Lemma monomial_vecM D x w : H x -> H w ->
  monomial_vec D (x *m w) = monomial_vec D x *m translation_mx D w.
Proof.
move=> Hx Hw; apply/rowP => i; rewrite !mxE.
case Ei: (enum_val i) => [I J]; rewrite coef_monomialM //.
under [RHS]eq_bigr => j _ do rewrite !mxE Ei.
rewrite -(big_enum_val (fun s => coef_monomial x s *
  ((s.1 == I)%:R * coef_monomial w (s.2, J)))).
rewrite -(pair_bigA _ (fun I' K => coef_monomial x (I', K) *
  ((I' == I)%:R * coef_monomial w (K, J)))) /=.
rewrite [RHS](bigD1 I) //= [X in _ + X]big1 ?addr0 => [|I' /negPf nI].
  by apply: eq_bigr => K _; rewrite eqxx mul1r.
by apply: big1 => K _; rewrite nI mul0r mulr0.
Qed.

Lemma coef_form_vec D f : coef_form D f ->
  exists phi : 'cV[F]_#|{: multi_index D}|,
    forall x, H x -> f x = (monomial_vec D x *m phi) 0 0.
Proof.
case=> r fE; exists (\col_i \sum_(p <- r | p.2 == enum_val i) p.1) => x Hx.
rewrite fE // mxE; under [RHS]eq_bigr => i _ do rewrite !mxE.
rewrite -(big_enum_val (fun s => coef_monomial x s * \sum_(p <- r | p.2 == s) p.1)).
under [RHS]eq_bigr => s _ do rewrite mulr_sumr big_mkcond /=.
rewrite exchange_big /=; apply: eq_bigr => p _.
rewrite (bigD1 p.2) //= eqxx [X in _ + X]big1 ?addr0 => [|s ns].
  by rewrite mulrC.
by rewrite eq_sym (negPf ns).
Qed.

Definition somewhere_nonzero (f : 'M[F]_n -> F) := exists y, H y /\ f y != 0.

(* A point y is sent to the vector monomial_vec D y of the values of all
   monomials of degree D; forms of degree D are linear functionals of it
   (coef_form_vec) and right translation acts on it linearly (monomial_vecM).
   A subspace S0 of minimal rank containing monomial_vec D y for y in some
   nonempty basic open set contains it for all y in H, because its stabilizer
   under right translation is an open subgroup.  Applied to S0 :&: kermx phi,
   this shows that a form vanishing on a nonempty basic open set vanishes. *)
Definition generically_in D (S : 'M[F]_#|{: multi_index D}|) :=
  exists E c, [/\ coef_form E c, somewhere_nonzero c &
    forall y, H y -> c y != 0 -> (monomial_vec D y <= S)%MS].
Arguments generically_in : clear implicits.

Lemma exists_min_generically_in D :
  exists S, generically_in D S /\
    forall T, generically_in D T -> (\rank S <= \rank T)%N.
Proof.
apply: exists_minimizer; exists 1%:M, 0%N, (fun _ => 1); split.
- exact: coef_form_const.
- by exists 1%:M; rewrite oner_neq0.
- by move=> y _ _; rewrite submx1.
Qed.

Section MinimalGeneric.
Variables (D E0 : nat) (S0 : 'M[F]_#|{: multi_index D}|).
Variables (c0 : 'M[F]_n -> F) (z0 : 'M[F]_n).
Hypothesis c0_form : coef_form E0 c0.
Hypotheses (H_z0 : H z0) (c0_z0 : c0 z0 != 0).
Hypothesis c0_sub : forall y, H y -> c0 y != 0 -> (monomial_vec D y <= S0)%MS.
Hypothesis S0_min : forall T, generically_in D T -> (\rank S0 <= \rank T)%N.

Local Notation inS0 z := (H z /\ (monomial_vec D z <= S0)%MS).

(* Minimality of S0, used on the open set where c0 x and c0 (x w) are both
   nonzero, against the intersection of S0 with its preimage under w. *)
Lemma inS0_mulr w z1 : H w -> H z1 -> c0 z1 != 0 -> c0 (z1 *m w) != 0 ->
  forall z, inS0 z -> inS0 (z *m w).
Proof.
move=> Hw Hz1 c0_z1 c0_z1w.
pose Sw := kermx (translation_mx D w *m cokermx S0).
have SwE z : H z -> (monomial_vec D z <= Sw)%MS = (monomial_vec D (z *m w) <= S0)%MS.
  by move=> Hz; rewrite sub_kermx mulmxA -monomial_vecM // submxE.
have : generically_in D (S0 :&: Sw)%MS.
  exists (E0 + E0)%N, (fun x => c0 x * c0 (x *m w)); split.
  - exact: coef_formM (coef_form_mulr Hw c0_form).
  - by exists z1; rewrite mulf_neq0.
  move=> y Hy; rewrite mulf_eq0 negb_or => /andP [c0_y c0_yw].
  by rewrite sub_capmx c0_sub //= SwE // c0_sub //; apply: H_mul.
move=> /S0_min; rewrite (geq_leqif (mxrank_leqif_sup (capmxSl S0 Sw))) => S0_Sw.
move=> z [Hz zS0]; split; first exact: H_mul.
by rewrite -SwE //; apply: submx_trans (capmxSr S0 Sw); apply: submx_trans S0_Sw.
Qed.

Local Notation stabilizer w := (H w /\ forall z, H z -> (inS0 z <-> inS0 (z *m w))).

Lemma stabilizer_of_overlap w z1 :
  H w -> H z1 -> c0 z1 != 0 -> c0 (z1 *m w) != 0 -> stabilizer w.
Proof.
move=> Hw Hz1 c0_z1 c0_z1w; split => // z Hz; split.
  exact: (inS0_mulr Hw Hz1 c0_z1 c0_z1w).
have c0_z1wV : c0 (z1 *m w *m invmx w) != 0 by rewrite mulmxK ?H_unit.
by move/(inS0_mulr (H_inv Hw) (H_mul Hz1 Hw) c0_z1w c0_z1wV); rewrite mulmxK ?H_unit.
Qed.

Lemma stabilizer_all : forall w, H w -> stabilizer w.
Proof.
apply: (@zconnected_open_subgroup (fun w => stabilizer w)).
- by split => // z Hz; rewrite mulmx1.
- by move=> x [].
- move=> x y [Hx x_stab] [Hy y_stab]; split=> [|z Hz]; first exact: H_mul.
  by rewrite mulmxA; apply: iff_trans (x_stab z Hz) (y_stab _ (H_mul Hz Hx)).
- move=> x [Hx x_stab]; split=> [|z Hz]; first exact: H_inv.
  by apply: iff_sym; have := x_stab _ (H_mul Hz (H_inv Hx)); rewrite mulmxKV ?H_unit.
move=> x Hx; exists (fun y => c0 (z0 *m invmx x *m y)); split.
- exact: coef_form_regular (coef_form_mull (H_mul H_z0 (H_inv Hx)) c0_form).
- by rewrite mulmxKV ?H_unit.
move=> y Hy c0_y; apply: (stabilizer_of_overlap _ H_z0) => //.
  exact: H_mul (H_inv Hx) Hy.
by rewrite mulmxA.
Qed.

* * * * * * *

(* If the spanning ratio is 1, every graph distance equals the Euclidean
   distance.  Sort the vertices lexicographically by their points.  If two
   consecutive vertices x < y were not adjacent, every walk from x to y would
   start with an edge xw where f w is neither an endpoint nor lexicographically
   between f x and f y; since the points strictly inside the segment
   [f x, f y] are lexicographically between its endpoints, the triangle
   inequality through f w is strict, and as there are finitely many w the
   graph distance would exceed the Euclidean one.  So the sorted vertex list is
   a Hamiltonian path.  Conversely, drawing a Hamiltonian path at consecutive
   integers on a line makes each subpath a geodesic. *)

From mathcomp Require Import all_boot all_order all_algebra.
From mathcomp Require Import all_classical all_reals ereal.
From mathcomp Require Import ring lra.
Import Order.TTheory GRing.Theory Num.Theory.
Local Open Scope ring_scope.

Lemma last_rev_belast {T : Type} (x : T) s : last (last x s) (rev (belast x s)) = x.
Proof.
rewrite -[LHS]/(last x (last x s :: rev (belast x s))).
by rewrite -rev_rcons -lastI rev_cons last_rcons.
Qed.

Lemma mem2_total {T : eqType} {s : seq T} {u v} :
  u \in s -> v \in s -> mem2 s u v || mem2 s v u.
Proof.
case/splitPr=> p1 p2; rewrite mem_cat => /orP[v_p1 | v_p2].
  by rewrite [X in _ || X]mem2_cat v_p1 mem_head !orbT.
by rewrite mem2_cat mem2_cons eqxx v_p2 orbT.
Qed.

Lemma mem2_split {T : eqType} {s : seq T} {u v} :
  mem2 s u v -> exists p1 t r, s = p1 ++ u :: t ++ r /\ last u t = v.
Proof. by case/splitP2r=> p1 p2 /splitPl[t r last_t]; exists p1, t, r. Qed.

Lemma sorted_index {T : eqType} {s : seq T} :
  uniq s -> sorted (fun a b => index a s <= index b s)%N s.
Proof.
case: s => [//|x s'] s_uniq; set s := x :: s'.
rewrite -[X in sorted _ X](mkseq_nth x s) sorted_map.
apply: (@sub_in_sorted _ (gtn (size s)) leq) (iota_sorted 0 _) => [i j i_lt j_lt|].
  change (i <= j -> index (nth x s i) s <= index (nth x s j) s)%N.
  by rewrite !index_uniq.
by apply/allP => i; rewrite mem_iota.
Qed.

* * * * * * *

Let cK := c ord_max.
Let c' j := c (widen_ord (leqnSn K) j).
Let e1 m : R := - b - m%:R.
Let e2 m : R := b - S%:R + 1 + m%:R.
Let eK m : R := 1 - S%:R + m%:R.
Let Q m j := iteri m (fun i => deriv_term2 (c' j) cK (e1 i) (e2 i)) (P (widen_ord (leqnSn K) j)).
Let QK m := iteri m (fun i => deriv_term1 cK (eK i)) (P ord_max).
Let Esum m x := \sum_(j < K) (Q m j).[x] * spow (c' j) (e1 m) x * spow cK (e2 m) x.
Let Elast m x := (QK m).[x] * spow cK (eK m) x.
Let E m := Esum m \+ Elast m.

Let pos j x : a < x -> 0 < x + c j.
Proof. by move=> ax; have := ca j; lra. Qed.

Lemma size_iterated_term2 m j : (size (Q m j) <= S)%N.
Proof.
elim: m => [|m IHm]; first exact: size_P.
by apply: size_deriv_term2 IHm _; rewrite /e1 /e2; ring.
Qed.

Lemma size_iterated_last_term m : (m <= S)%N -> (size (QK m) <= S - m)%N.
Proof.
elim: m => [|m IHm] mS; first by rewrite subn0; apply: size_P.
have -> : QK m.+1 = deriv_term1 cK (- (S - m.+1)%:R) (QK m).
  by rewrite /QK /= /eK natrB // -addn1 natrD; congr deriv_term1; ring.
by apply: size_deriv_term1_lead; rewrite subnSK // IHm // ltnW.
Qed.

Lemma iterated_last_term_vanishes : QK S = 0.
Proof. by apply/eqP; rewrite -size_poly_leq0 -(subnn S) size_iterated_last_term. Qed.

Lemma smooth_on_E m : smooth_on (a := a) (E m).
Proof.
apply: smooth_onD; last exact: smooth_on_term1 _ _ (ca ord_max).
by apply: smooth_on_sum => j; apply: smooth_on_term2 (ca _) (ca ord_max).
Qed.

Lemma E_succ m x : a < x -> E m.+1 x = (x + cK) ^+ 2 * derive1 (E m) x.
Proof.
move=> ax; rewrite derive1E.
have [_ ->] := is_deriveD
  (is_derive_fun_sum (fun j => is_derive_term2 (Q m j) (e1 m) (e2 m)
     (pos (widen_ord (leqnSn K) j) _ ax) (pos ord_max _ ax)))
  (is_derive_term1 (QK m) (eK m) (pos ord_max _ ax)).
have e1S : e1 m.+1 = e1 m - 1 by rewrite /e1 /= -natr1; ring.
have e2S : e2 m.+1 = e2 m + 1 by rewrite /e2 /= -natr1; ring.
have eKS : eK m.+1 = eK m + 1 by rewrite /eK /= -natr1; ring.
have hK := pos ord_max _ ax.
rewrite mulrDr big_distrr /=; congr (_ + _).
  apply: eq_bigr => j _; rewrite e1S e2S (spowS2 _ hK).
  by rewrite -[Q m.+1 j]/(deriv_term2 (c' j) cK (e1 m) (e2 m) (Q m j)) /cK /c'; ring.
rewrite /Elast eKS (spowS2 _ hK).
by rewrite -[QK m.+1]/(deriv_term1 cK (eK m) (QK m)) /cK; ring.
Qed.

* * * * * * *

Within the records, how many lines carry the word "iteri"? Reply with the figure alone.

#### WORKED SOLUTION
2